Contact: Richard Crone, rcrone@aol.com , (650) 592-4006.
| 7 |
One Million Hours1 Wasted in “Wireless Strategy” Meetings:
If you are in North America, you are wasting your energy planning for the
wireless Web. Sure, some day we’ll all use the Web from a wireless device. As a
matter of fact, 20 or 30 years from now there won’t be keyboards or modems or
monitors. We’ll just speak into a mike embedded in our clothes (or skin) and
receive answers directly to a speaker or screen mounted in a similar fashion.2
While these technologies make great science fiction, banks should not be wasting energy on them in 2000 or 2001. Rather than debating how your services work on a 2-inch screen in a coffee shop in Northern California, concentrate on how to service customers effectively with an email-based service optimized for an office or den in Peoria. If you do that right, you’ll have something that works for desktop PCs, tiny wireless devices (that receive standard email), and anything in-between.
| 8 |
Net Banking Becomes Far Easier to Use: Many banks went through exhaustive Web makeovers this year. As a result, navigation is better, copywriting is more professional, graphics are more appropriate, servers deliver pages much faster, online banking demos do a better job selling, online applications are understandable, and online banking login is on the home page. As a result, Web banking programs have become much more popular, especially for novice users.
| 9 |
Y2K Task Forces Redeployed: It seems so long ago, but remember how many resources were sucked into that non-event in 1998 and 1999? This year, Web banking received far more IT attention, and it showed.
| 10 |
Fraud Made a Bad Situation Worse for Online Retailers: While Net retailers were far less popular with investors, employees, and suppliers, one group enthusiastically embraced the B2C sector: thieves. While fraud levels were a closely guarded secret at most retailers, a few revelations, such as Expedia’s disclosure that it was taking a Q1 2000 charge of $4.1 million to cover credit card fraud, provided a glimpse of the magnitude of the problem.

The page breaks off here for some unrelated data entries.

(* Every sequent provable in the calculus $\mathsf{G4iSLt}+(\mathrm{cut})$ is provable in $\mathsf{G4iSLt}$; i.e. the additive cut rule is eliminable from $\mathsf{G4iSLt}+(\mathrm{cut})$.
   Context: Formulas are built by the grammar $\varphi ::= p \mid \bot \mid \varphi\land\varphi \mid \varphi\lor\varphi \mid \varphi\to\varphi \mid \Box\varphi$, with $p$ ranging over a countably infinite set of propositional variables. For a multiset $\Gamma$, $\Box\Gamma=\{\Box\psi:\psi\in\Gamma\}$; a boxed formula is one of the form $\Box\psi$. A sequent is $\Gamma\Rightarrow\chi$ with $\Gamma$ a finite multiset of formulas and $\chi$ a formula. The sequent calculus $\mathsf{G4iSLt}$ has the following rules, where $p$ is a propositional variable and $\Phi$ always denotes a multiset containing no boxed formula: (⊥L) $\bot,\Gamma\Rightarrow\chi$ (no premise); (IdP) $\Gamma,p\Rightarrow p$ (no premise); (∧L) from $\Gamma,\varphi,\psi\Rightarrow\chi$ infer $\Gamma,\varphi\land\psi\Rightarrow\chi$; (∧R) from $\Gamma\Rightarrow\varphi$ and $\Gamma\Rightarrow\psi$ infer $\Gamma\Rightarrow\varphi\land\psi$; (∨L) from $\Gamma,\varphi\Rightarrow\chi$ and $\Gamma,\psi\Rightarrow\chi$ infer $\Gamma,\varphi\lor\psi\Rightarrow\chi$; (∨R$_i$), $i\in\{1,2\}$: from $\Gamma\Rightarrow\varphi_i$ infer $\Gamma\Rightarrow\varphi_1\lor\varphi_2$; (p→L) from $\Gamma,p,\varphi\Rightarrow\chi$ infer $\Gamma,p,p\to\varphi\Rightarrow\chi$; (→R) from $\Gamma,\varphi\Rightarrow\psi$ infer $\Gamma\Rightarrow\varphi\to\psi$; (□→L) from $\Phi,\Gamma,\psi,\Box\varphi\Rightarrow\varphi$ and $\Phi,\Box\Gamma,\psi\Rightarrow\chi$ infer $\Phi,\Box\Gamma,\Box\varphi\to\psi\Rightarrow\chi$; (SLtR) from $\Phi,\Gamma,\Box\varphi\Rightarrow\varphi$ infer $\Phi,\Box\Gamma\Rightarrow\Box\varphi$; (∧→L) from $\Gamma,\varphi\to(\psi\to\chi)\Rightarrow\delta$ infer $\Gamma,(\varphi\land\psi)\to\chi\Rightarrow\delta$; (∨→L) from $\Gamma,\varphi\to\chi,\psi\to\chi\Rightarrow\delta$ infer $\Gamma,(\varphi\lor\psi)\to\chi\Rightarrow\delta$; (→→L) from $\Gamma,\psi\to\chi\Rightarrow\varphi\to\psi$ and $\Gamma,\chi\Rightarrow\delta$ infer $\Gamma,(\varphi\to\psi)\to\chi\Rightarrow\delta$. A proof of a sequent $S$ is a finite tree of sequents with root $S$ in which each interior node together with its children forms an instance of a rule (conclusion, premises) and each leaf is the conclusion of a premise-free rule; $S$ is provable if it has a proof. The calculus $\mathsf{G4iSLt}+(\mathrm{cut})$ consists of all rules of $\mathsf{G4iSLt}$ together with the additive cut rule: from $\Gamma\Rightarrow\varphi$ and $\varphi,\Gamma\Rightarrow\chi$ infer $\Gamma\Rightarrow\chi$ (for arbitrary finite multiset $\Gamma$ and formulas $\varphi,\chi$). *)

From Stdlib Require Import List Permutation.
Import ListNotations.

Inductive form : Type :=
| Var : nat -> form
| Bot : form
| And : form -> form -> form
| Or : form -> form -> form
| Imp : form -> form -> form
| Box : form -> form.

Definition is_boxed (A : form) : Prop :=
  match A with Box _ => True | _ => False end.

Definition unboxed (Phi : list form) : Prop := forall A, In A Phi -> ~ is_boxed A.

Definition boxes (G : list form) : list form := map Box G.

(* Multisets are represented by lists; the conclusion context of every rule
   is taken up to permutation (multiset equality). The boolean [cut]
   selects whether the additive cut rule is available. *)
Inductive prv (cut : bool) : list form -> form -> Prop :=
| BotL : forall G D chi, Permutation D (Bot :: G) -> prv cut D chi
| IdP : forall G D p, Permutation D (Var p :: G) -> prv cut D (Var p)
| AndL : forall G D a b chi, Permutation D (And a b :: G) ->
    prv cut (a :: b :: G) chi -> prv cut D chi
| AndR : forall G a b, prv cut G a -> prv cut G b -> prv cut G (And a b)
| OrL : forall G D a b chi, Permutation D (Or a b :: G) ->
    prv cut (a :: G) chi -> prv cut (b :: G) chi -> prv cut D chi
| OrR1 : forall G a b, prv cut G a -> prv cut G (Or a b)
| OrR2 : forall G a b, prv cut G b -> prv cut G (Or a b)
| PImpL : forall G D p a chi, Permutation D (Var p :: Imp (Var p) a :: G) ->
    prv cut (Var p :: a :: G) chi -> prv cut D chi
| ImpR : forall G a b, prv cut (a :: G) b -> prv cut G (Imp a b)
| BoxImpL : forall Phi G D a b chi, unboxed Phi ->
    Permutation D (Imp (Box a) b :: Phi ++ boxes G) ->
    prv cut (Box a :: b :: Phi ++ G) a ->
    prv cut (b :: Phi ++ boxes G) chi -> prv cut D chi
| SLtR : forall Phi G D a, unboxed Phi ->
    Permutation D (Phi ++ boxes G) ->
    prv cut (Box a :: Phi ++ G) a -> prv cut D (Box a)
| AndImpL : forall G D a b c d, Permutation D (Imp (And a b) c :: G) ->
    prv cut (Imp a (Imp b c) :: G) d -> prv cut D d
| OrImpL : forall G D a b c d, Permutation D (Imp (Or a b) c :: G) ->
    prv cut (Imp a c :: Imp b c :: G) d -> prv cut D d
| ImpImpL : forall G D a b c d, Permutation D (Imp (Imp a b) c :: G) ->
    prv cut (Imp b c :: G) (Imp a b) -> prv cut (c :: G) d -> prv cut D d
| Cut : forall G a chi, cut = true ->
    prv cut G a -> prv cut (a :: G) chi -> prv cut G chi.

Definition G4iSLt_prv (G : list form) (chi : form) : Prop := prv false G chi.
Definition G4iSLt_cut_prv (G : list form) (chi : form) : Prop := prv true G chi.

From Stdlib Require Import List Permutation Arith Lia.
Import ListNotations.

(* Cut is admissible by the usual argument for Dyckhoff-style calculi: an
   induction on the weight of the cut formula, and inside it on a multiset
   measure of the sequent, pushing the cut upwards past every rule in which it
   is not principal. This rests on weakening, on the invertibility of most left
   rules and on contraction; contraction is proved simultaneously with a
   generalised (→L) rule, by induction on weight. The modal rules only see the
   context with its outermost boxes removed, and removing a box on the left is
   itself admissible. The one genuinely modal case, a cut on [□a → b] against
   (□→L), is solved by rebuilding [□a] with SLtR from the premises at hand. *)

Definition form_eq_dec : forall x y : form, {x = y} + {x <> y}.
Proof. decide equality; apply Nat.eq_dec. Qed.

Ltac solve_perm :=
  apply (Permutation_count_occ form_eq_dec); let x0 := fresh "x" in intro x0;
  repeat match goal with
  | H : Permutation _ _ |- _ =>
      let H' := fresh "Hc" in
      pose proof (proj1 (Permutation_count_occ form_eq_dec _ _) H x0) as H';
      clear H
  end;
  repeat rewrite ?count_occ_app, ?map_app in *; simpl in *;
  repeat rewrite ?count_occ_app in *;
  repeat match goal with
  | |- context [form_eq_dec ?a ?b] => destruct (form_eq_dec a b)
  | H : context [form_eq_dec ?a ?b] |- _ => destruct (form_eq_dec a b)
  end; first [lia | congruence].

Lemma prv_perm c D D' chi : prv c D chi -> Permutation D D' -> prv c D' chi.
Proof.
  intros Hd; revert D'; induction Hd; intros D' HP.
  - eapply BotL. rewrite <- HP; eassumption.
  - eapply IdP. rewrite <- HP; eassumption.
  - eapply AndL; [rewrite <- HP; eassumption | eauto].
  - apply AndR; eauto.
  - eapply OrL; [rewrite <- HP; eassumption | eauto | eauto].
  - apply OrR1; eauto.
  - apply OrR2; eauto.
  - eapply PImpL; [rewrite <- HP; eassumption | eauto].
  - apply ImpR; eauto.
  - eapply BoxImpL; [eassumption | rewrite <- HP; eassumption | eauto | eauto].
  - eapply SLtR; [eassumption | rewrite <- HP; eassumption | eauto].
  - eapply AndImpL; [rewrite <- HP; eassumption | eauto].
  - eapply OrImpL; [rewrite <- HP; eassumption | eauto].
  - eapply ImpImpL; [rewrite <- HP; eassumption | eauto | eauto].
  - eapply Cut; eauto.
Qed.

Lemma Permutation_cons_cons_inv (X Y : form) G H :
  Permutation (X :: G) (Y :: H) ->
  (X = Y /\ Permutation G H) \/
  (X <> Y /\ exists K, Permutation G (Y :: K) /\ Permutation H (X :: K)).
Proof.
  intros HP. destruct (form_eq_dec X Y) as [<- | Hne].
  - left; split; [reflexivity | exact (Permutation_cons_inv HP)].
  - right; split; [exact Hne |].
    assert (HY : In Y G).
    { assert (HXG : In Y (X :: G)) by (rewrite HP; left; reflexivity).
      destruct HXG; [congruence | assumption]. }
    apply in_split in HY as (G1 & G2 & ->). exists (G1 ++ G2). split.
    + symmetry; apply Permutation_middle.
    + apply (Permutation_cons_inv (a := Y)). rewrite <- HP.
      rewrite <- Permutation_middle. apply perm_swap.
Qed.

Lemma perm_same_head D (X : form) G G' :
  Permutation D (X :: G) -> Permutation D (X :: G') -> Permutation G' G.
Proof. intros H1 H2. apply (Permutation_cons_inv (a := X)). now rewrite <- H2, H1. Qed.

Lemma perm_distinct_heads D (X Y : form) G G' :
  Permutation D (X :: G) -> Permutation D (Y :: G') -> X <> Y ->
  exists K, Permutation G' (X :: K) /\ Permutation G (Y :: K).
Proof.
  intros H1 H2 Hne.
  assert (H3 : Permutation (Y :: G') (X :: G)) by (rewrite <- H1; symmetry; exact H2).
  destruct (Permutation_cons_cons_inv _ _ _ _ H3) as [[E _] | [_ HK]]; [congruence | exact HK].
Qed.

Lemma perm_distinct_heads2 D (X Z Y : form) G G' :
  Permutation D (X :: Z :: G) -> Permutation D (Y :: G') -> X <> Y -> Z <> Y ->
  exists K, Permutation G' (X :: Z :: K) /\ Permutation G (Y :: K).
Proof.
  intros H1 H2 Hne1 Hne2.
  destruct (perm_distinct_heads _ _ _ _ _ H1 H2 Hne1) as (K1 & HK1 & HK2).
  destruct (perm_distinct_heads _ _ _ _ _ HK2 (Permutation_refl _) (not_eq_sym Hne2))
    as (K & HK3 & HK4).
  exists K. split; [rewrite HK1, HK4; reflexivity | exact HK3].
Qed.

(* The premises of SLtR and of the left premise of (□→L) replace the boxed part
   [□Γ] of the conclusion context by [Γ]; [map unbox] computes this directly,
   without splitting the context into [Φ] and [□Γ]. *)
Definition unbox (A : form) : form := match A with Box a => a | _ => A end.

Lemma unbox_unboxed A : ~ is_boxed A -> unbox A = A.
Proof. destruct A; simpl; tauto. Qed.

Lemma box_or_unbox_id A : (exists a, A = Box a) \/ unbox A = A.
Proof. destruct A; simpl; eauto. Qed.

Lemma map_unbox_unboxed Phi : unboxed Phi -> map unbox Phi = Phi.
Proof.
  induction Phi as [|A Phi IH]; intros HU; simpl; [reflexivity |].
  rewrite unbox_unboxed, IH; [reflexivity | |].
  - intros B HB; apply HU; right; exact HB.
  - apply HU; left; reflexivity.
Qed.

Lemma map_unbox_boxes G : map unbox (boxes G) = G.
Proof. induction G; simpl; congruence. Qed.

Lemma map_unbox_split Phi G : unboxed Phi -> map unbox (Phi ++ boxes G) = Phi ++ G.
Proof. intros HU. rewrite map_app, map_unbox_unboxed, map_unbox_boxes; auto. Qed.

Lemma perm_map_unbox D Phi G :
  Permutation D (Phi ++ boxes G) -> unboxed Phi -> Permutation (map unbox D) (Phi ++ G).
Proof. intros HP HU. rewrite <- map_unbox_split by exact HU. now apply Permutation_map. Qed.

Lemma split_boxed D : exists Phi G, unboxed Phi /\ Permutation D (Phi ++ boxes G).
Proof.
  induction D as [|A D (Phi & G & HU & HP)].
  - exists [], []. split; [intros B [] | reflexivity].
  - destruct A as [p | | a b | a b | a b | a];
      [.. | exists Phi, (a :: G); split; [exact HU | simpl; rewrite HP; apply Permutation_middle]];
      (eexists (_ :: Phi), G; split; [| simpl; apply perm_skip; exact HP]);
      (intros B [<- | HB]; [simpl; tauto | now apply HU]).
Qed.

Lemma SLtR_unbox c D a : prv c (Box a :: map unbox D) a -> prv c D (Box a).
Proof.
  intros H. destruct (split_boxed D) as (Phi & G & HU & HP).
  eapply SLtR; [exact HU | exact HP |].
  eapply prv_perm; [exact H |]. apply perm_skip. exact (perm_map_unbox _ _ _ HP HU).
Qed.

Lemma BoxImpL_unbox c D a b chi :
  prv c (Box a :: b :: map unbox D) a -> prv c (b :: D) chi ->
  prv c (Imp (Box a) b :: D) chi.
Proof.
  intros H1 H2. destruct (split_boxed D) as (Phi & G & HU & HP).
  eapply BoxImpL with (Phi := Phi) (G := G); [exact HU | now apply perm_skip | |].
  - eapply prv_perm; [exact H1 |]. do 2 apply perm_skip. exact (perm_map_unbox _ _ _ HP HU).
  - eapply prv_perm; [exact H2 |]. now apply perm_skip.
Qed.
Lemma PS_weight_mon (k N : nat) : PS_weight r (PS_mon k) N <= r ^ k.
Proof.
  unfold PS_weight. induction N as [| N IHN].
  - unfold PS_mon. simpl. destruct k; simpl.
    + rewrite Rabs_R1. lra.
    + rewrite Rabs_R0. pose proof (pow_le r (S k) Hr). simpl in *. lra.
  - rewrite tech5. unfold PS_mon at 2. destruct (Nat.eqb_spec (S N) k) as [<- | Hne].
    + rewrite Rabs_R1, Rmult_1_l.
      rewrite (sum_eq _ (fun _ => 0)), sum_cte; [lra|].
      intros i Hi. unfold PS_mon.
      destruct (Nat.eqb_spec i (S N)); [lia|]. rewrite Rabs_R0. ring.
    + rewrite Rabs_R0, Rmult_0_l, Rplus_0_r. auto.
Qed.

End Weight.

Lemma PS_mult_prefix (u v w w' : nat -> R) (j : nat) :
  (forall i, (i <= j)%nat -> u i = v i) -> (forall i, (i <= j)%nat -> w i = w' i) ->
  PS_mult u w j = PS_mult v w' j.
Proof. intros Huv Hww. unfold PS_mult. apply sum_eq. intros i Hi. rewrite Huv, Hww by lia. auto. Qed.

Lemma PS_mult_strict_prefix (u v w w' : nat -> R) (m : nat) :
  u 0%nat = 0 -> v 0%nat = 0 -> w 0%nat = 0 -> w' 0%nat = 0 ->
  (forall i, (i < m)%nat -> u i = v i) -> (forall i, (i < m)%nat -> w i = w' i) ->
  PS_mult u w m = PS_mult v w' m.
Proof.
  intros u0 v0 w0 w'0 Huv Hww. unfold PS_mult. apply sum_eq. intros k Hk.
  destruct (Nat.eq_dec k 0) as [-> | Hk0]; [rewrite u0, v0; ring|].
  destruct (Nat.eq_dec k m) as [-> | Hkm]; [rewrite Nat.sub_diag, w0, w'0; ring|].
  rewrite Huv, Hww by lia. auto.
Qed.

Lemma PS_mult_0 (u w : nat -> R) : u 0%nat = 0 -> PS_mult u w 0 = 0.
Proof. intros u0. unfold PS_mult. simpl. rewrite u0. ring. Qed.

The significance for online banking is clear: merchants desperately need a solution that works better. PayPal for one is working on a payment system that bypasses the credit card system and delivers good funds to merchants for about the same price as the “non-guaranteed” (card not present) funds from a credit card purchase. Banks also have the opportunity to step in and create workable good-funds systems that protect both online buyers and sellers from fraud and loss of privacy.
1The one-million number is a wild guess and is probably on the high side, but it sounds good. Derivation: 10,000 financial institutions times 10 people involved per company times 10 hours per person.